§ **DATA**:

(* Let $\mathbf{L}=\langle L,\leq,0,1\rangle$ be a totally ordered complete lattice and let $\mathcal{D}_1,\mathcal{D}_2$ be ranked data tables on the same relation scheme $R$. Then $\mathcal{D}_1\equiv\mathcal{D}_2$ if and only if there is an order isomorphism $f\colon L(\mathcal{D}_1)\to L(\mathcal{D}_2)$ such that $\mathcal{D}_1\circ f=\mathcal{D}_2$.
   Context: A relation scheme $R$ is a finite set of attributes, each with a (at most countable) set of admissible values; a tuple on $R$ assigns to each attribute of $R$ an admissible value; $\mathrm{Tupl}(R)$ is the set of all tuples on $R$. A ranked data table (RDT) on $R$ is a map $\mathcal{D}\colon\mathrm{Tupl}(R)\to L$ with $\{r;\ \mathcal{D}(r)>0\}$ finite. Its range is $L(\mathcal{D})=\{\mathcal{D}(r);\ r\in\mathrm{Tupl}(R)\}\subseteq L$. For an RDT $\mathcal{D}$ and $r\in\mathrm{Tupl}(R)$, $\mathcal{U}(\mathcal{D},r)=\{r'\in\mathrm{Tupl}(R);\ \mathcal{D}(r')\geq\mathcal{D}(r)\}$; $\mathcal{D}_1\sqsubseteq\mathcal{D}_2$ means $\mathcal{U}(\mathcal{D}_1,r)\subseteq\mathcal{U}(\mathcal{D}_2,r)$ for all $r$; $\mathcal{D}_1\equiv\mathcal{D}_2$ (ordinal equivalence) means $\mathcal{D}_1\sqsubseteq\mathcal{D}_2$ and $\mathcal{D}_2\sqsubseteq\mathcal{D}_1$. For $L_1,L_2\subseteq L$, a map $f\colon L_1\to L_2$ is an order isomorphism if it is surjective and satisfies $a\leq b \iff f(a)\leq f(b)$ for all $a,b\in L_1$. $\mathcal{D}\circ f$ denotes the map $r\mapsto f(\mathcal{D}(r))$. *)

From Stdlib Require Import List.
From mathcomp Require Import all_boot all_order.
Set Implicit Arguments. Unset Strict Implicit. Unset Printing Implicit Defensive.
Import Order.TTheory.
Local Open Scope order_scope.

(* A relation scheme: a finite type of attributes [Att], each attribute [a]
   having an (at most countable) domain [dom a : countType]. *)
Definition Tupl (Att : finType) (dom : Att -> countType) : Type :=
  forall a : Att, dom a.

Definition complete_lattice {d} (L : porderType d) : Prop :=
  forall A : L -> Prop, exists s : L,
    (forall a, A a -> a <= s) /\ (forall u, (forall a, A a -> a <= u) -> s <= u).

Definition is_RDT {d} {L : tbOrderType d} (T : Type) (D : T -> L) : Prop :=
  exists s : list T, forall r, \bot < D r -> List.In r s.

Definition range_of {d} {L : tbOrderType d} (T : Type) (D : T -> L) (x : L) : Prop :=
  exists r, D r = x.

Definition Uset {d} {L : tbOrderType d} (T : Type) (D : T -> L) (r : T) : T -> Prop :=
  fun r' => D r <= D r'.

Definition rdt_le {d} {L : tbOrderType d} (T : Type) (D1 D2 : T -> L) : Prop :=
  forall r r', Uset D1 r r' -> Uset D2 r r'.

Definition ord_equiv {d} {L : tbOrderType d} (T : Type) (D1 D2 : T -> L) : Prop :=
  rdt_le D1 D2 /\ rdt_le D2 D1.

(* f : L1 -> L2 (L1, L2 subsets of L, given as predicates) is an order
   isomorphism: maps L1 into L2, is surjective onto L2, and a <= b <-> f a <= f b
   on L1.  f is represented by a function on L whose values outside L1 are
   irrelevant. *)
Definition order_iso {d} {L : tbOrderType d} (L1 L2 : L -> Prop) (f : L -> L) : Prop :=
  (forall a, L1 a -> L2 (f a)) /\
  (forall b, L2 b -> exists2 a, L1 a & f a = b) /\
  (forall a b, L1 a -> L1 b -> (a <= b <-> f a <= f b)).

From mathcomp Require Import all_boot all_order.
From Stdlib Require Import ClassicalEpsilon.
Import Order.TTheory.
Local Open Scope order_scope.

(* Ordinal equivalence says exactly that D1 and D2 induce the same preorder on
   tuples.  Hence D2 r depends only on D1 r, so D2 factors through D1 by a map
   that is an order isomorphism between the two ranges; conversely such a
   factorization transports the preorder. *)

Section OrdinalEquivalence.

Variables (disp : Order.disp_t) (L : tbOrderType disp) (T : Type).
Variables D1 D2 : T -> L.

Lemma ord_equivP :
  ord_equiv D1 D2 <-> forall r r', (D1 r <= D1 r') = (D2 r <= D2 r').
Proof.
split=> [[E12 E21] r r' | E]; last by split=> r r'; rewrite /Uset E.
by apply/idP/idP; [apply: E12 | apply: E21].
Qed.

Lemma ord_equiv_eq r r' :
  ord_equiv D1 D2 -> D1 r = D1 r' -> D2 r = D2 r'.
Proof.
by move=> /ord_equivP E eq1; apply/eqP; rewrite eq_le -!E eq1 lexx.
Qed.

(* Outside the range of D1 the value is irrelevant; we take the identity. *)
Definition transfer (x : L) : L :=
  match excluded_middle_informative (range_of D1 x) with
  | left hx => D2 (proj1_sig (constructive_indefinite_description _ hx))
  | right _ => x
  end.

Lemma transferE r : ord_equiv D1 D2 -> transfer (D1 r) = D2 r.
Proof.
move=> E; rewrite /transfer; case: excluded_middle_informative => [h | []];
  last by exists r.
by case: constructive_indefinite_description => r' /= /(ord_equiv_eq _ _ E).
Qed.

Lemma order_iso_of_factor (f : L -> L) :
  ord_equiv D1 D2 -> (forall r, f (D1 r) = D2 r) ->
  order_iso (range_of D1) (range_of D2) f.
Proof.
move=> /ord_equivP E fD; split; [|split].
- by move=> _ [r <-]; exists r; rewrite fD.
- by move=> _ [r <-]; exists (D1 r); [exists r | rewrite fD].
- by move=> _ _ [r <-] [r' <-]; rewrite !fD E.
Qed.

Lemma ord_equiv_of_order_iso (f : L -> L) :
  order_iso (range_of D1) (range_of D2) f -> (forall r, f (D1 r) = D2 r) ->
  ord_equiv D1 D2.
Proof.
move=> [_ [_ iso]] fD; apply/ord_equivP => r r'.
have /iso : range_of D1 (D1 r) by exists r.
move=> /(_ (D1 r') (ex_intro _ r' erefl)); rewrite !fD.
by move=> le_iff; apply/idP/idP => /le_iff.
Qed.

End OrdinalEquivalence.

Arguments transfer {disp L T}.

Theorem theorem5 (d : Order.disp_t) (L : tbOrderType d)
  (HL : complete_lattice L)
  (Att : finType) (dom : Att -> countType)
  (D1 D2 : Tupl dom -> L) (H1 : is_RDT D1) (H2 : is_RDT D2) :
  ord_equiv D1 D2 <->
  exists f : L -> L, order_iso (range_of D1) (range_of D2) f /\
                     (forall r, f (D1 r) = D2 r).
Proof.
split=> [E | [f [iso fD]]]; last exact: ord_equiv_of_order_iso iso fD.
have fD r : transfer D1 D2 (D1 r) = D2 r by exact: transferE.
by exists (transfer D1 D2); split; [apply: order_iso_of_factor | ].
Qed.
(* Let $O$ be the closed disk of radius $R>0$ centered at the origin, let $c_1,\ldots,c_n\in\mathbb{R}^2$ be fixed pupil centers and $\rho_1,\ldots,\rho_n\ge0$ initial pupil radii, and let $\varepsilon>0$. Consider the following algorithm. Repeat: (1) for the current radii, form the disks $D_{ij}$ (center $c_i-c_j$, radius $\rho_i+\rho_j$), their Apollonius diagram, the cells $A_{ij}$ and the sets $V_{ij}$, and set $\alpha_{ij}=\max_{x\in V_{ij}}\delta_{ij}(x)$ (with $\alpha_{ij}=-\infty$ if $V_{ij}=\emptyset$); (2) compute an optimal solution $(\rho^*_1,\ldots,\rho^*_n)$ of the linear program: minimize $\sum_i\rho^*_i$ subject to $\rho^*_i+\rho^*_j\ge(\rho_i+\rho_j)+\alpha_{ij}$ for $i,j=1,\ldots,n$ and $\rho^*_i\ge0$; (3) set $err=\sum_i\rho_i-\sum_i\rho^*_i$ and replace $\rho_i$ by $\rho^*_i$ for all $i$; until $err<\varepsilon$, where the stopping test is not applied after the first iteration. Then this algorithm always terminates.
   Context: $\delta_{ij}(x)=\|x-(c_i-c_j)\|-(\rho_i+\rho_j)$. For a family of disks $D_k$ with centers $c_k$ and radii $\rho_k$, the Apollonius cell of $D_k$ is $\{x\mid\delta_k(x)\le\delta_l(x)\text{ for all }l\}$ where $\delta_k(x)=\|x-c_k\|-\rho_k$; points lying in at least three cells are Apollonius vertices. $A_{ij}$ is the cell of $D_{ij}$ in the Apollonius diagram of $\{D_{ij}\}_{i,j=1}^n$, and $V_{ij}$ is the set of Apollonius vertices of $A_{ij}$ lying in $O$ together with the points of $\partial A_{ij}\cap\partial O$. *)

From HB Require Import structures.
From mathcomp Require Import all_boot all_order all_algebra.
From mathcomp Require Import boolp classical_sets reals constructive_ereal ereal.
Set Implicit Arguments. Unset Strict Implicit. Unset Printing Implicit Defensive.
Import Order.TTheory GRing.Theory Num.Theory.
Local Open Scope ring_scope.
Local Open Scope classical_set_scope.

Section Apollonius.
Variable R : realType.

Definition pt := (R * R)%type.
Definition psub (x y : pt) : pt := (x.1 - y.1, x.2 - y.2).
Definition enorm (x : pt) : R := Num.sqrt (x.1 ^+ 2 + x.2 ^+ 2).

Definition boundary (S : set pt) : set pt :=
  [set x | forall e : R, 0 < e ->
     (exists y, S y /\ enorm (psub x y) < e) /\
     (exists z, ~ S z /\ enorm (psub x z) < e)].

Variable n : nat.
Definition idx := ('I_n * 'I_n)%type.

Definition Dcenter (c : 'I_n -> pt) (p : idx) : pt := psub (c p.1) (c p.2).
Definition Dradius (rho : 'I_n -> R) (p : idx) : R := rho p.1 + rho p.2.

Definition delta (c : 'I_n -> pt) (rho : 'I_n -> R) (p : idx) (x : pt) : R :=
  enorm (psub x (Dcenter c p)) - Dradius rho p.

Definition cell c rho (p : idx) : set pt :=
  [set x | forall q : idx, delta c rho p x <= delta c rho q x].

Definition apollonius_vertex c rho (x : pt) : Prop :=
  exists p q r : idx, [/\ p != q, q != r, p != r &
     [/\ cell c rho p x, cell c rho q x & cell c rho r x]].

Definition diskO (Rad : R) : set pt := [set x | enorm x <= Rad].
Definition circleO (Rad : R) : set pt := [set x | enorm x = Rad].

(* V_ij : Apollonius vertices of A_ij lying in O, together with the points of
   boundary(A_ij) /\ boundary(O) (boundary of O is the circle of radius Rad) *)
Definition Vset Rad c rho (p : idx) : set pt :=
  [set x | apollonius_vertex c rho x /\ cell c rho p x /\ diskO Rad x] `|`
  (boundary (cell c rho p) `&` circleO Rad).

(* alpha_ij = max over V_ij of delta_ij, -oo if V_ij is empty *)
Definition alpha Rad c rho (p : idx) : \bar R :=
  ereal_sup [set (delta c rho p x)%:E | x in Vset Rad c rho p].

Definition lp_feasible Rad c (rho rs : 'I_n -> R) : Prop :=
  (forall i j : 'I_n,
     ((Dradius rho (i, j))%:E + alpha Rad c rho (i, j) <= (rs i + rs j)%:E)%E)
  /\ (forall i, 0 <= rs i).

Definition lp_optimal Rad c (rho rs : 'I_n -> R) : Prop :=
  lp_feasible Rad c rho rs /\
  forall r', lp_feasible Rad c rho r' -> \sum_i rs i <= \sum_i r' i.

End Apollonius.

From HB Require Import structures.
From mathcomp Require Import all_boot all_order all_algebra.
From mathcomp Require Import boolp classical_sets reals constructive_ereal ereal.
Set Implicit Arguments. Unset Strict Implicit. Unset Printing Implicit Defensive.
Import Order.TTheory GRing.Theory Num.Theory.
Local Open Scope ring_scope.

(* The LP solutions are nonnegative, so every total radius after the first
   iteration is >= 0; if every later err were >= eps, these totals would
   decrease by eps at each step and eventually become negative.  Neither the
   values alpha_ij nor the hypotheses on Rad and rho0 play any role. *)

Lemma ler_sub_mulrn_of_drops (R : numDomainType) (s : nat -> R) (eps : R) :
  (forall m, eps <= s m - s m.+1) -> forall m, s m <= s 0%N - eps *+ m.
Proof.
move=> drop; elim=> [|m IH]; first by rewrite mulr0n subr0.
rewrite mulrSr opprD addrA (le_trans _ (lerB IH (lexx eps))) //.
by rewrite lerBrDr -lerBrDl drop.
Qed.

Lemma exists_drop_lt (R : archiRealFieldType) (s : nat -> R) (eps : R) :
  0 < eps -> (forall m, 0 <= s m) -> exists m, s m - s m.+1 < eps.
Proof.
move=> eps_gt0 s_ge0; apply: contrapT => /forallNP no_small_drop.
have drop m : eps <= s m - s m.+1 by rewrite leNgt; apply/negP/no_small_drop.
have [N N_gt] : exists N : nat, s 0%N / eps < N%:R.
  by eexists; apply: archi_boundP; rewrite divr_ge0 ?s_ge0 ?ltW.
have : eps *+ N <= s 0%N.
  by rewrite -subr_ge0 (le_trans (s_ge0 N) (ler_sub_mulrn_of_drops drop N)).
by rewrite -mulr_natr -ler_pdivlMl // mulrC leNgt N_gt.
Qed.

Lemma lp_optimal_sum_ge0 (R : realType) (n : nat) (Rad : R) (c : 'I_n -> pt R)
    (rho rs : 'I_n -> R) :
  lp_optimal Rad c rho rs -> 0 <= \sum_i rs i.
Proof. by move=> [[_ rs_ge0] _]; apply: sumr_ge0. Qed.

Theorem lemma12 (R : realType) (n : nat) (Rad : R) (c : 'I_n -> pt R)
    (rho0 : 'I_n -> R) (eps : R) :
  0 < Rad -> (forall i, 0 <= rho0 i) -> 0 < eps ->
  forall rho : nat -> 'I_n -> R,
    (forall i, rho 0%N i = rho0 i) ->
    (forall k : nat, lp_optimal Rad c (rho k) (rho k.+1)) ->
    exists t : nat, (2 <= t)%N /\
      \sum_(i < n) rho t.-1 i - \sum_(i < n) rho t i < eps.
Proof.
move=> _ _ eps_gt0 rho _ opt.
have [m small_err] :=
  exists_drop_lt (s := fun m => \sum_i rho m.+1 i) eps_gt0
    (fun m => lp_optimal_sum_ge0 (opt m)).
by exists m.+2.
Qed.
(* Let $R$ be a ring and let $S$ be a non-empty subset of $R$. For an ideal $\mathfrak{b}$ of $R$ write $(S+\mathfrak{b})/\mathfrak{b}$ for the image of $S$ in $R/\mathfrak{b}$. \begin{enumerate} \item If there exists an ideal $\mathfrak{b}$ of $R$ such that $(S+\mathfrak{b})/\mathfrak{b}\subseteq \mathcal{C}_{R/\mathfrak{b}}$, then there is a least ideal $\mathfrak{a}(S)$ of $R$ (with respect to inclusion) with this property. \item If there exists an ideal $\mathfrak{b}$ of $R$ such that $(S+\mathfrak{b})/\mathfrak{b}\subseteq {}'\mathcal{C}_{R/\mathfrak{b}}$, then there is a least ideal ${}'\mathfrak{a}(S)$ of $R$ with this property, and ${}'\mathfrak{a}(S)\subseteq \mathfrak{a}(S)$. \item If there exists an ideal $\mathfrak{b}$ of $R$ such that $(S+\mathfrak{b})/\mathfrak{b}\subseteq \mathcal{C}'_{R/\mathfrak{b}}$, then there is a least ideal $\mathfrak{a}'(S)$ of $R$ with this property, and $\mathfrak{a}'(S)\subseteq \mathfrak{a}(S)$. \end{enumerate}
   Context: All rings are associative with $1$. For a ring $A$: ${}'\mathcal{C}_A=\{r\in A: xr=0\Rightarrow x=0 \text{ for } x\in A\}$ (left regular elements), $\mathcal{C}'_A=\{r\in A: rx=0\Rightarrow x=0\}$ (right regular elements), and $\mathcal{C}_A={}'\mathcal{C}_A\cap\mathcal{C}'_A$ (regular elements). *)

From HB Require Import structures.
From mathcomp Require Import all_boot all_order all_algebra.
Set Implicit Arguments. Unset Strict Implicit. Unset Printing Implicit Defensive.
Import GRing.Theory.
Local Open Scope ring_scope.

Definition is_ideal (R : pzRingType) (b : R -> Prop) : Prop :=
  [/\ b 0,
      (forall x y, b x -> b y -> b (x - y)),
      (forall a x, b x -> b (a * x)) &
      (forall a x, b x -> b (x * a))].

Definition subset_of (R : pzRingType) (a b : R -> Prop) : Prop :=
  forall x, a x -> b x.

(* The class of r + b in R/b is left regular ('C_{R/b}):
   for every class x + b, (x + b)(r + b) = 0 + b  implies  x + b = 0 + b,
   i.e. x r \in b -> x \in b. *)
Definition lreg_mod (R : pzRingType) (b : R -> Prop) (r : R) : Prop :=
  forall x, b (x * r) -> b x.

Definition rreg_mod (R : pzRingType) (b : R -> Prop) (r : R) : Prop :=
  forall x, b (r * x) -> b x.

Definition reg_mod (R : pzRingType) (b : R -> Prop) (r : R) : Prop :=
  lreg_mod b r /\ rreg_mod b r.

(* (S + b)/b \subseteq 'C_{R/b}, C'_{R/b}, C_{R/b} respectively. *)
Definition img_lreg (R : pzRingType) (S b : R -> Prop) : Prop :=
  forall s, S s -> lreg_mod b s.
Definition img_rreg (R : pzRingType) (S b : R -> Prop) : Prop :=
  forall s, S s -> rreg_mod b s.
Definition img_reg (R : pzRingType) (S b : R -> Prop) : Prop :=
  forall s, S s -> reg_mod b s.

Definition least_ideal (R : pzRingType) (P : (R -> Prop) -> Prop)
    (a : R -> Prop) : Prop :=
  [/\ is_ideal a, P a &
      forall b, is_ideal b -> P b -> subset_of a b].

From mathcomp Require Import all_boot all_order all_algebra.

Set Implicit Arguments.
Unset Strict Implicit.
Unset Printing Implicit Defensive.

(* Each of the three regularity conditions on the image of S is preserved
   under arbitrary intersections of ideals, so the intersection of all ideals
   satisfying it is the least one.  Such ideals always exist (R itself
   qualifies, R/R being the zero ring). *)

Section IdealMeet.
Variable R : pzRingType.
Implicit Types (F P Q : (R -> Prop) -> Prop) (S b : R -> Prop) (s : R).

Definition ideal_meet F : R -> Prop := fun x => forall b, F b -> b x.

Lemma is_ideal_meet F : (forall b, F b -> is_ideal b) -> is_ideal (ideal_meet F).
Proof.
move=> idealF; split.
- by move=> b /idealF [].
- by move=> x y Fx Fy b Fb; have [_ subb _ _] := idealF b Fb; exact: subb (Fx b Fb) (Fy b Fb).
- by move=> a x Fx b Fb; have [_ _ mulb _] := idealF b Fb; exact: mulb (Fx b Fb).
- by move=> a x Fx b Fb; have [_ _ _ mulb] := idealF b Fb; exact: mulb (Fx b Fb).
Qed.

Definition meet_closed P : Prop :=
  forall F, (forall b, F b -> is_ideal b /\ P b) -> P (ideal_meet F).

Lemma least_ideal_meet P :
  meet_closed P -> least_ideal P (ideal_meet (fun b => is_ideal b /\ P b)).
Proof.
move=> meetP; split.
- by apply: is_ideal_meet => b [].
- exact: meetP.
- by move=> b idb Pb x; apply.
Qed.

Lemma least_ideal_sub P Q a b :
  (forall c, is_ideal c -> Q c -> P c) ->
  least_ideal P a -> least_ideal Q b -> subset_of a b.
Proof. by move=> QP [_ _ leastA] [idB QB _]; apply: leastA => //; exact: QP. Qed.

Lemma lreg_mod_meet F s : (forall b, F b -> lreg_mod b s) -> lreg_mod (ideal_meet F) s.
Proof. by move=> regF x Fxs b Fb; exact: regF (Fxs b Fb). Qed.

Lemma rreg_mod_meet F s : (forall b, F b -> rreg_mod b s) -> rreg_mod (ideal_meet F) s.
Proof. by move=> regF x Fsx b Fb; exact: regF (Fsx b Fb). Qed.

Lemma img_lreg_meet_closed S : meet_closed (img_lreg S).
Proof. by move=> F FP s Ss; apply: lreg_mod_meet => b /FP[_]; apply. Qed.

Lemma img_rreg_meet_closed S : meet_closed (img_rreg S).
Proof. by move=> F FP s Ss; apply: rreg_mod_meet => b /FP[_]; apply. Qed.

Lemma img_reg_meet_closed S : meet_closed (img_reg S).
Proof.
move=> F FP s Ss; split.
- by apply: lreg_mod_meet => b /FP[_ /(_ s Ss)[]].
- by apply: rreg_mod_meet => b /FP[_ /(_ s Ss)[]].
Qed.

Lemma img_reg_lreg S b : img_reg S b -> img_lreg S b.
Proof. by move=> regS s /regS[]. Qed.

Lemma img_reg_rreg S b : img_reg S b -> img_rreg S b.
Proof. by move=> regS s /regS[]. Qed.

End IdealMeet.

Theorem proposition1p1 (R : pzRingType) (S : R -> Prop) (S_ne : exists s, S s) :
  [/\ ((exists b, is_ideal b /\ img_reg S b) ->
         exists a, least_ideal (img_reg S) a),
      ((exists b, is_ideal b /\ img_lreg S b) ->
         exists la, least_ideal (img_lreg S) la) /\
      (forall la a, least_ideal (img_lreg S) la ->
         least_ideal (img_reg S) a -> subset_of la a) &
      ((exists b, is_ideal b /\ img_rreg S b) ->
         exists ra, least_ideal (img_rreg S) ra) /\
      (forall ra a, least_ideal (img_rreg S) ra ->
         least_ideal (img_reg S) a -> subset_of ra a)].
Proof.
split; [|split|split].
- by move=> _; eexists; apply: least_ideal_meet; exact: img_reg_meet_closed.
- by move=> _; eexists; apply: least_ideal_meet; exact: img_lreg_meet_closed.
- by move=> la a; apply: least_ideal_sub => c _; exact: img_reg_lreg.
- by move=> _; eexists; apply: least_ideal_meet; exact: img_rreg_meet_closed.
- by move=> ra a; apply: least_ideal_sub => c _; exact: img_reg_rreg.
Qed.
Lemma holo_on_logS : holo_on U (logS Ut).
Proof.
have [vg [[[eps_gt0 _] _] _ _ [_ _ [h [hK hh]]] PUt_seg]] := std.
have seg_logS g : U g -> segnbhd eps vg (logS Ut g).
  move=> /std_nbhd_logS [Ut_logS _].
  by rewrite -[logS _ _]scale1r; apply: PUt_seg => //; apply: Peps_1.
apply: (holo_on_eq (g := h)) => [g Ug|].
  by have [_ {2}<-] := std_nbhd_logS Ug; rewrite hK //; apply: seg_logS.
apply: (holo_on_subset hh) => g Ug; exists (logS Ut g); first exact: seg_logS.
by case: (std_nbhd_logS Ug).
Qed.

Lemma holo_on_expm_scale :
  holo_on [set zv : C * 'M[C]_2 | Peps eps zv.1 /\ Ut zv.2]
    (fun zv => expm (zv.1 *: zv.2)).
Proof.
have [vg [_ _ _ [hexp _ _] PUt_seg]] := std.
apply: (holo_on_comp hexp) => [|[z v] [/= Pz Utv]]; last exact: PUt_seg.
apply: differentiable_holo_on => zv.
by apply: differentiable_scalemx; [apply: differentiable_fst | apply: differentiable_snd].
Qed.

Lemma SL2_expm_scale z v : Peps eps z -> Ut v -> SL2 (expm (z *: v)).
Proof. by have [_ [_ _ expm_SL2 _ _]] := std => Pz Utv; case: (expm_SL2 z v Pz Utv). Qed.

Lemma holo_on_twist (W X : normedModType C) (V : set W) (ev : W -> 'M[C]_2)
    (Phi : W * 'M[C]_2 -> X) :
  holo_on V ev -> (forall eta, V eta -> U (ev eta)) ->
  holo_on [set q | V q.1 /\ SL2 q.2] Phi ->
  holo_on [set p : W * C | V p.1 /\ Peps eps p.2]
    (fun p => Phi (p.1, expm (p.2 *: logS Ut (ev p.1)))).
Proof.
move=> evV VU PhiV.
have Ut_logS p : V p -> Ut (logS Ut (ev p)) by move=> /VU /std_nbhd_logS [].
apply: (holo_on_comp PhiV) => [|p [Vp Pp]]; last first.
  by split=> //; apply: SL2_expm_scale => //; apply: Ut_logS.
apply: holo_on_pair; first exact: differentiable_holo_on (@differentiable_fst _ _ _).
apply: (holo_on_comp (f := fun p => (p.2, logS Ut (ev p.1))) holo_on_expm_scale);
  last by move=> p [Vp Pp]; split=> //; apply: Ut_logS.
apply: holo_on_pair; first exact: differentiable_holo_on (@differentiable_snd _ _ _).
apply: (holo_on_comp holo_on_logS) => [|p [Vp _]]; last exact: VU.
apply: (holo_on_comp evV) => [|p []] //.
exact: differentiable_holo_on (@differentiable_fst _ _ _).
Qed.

§ **EXERCISE DETAILS**: Repeat exactly the lines above from the one with "0 < eps -> (forall" up to and including the one with "forall rho : nat". No other line belongs in the reply.

§ **SOLUTION FOR THIS EXERCISE**:
  0 < eps -> (forall m, 0 <= s m) -> exists m, s m - s m.+1 < eps.
Proof.
move=> eps_gt0 s_ge0; apply: contrapT => /forallNP no_small_drop.
have drop m : eps <= s m - s m.+1 by rewrite leNgt; apply/negP/no_small_drop.
have [N N_gt] : exists N : nat, s 0%N / eps < N%:R.
  by eexists; apply: archi_boundP; rewrite divr_ge0 ?s_ge0 ?ltW.
have : eps *+ N <= s 0%N.
  by rewrite -subr_ge0 (le_trans (s_ge0 N) (ler_sub_mulrn_of_drops drop N)).
by rewrite -mulr_natr -ler_pdivlMl // mulrC leNgt N_gt.
Qed.

Lemma lp_optimal_sum_ge0 (R : realType) (n : nat) (Rad : R) (c : 'I_n -> pt R)
    (rho rs : 'I_n -> R) :
  lp_optimal Rad c rho rs -> 0 <= \sum_i rs i.
Proof. by move=> [[_ rs_ge0] _]; apply: sumr_ge0. Qed.

Theorem lemma12 (R : realType) (n : nat) (Rad : R) (c : 'I_n -> pt R)
    (rho0 : 'I_n -> R) (eps : R) :
  0 < Rad -> (forall i, 0 <= rho0 i) -> 0 < eps ->
  forall rho : nat -> 'I_n -> R,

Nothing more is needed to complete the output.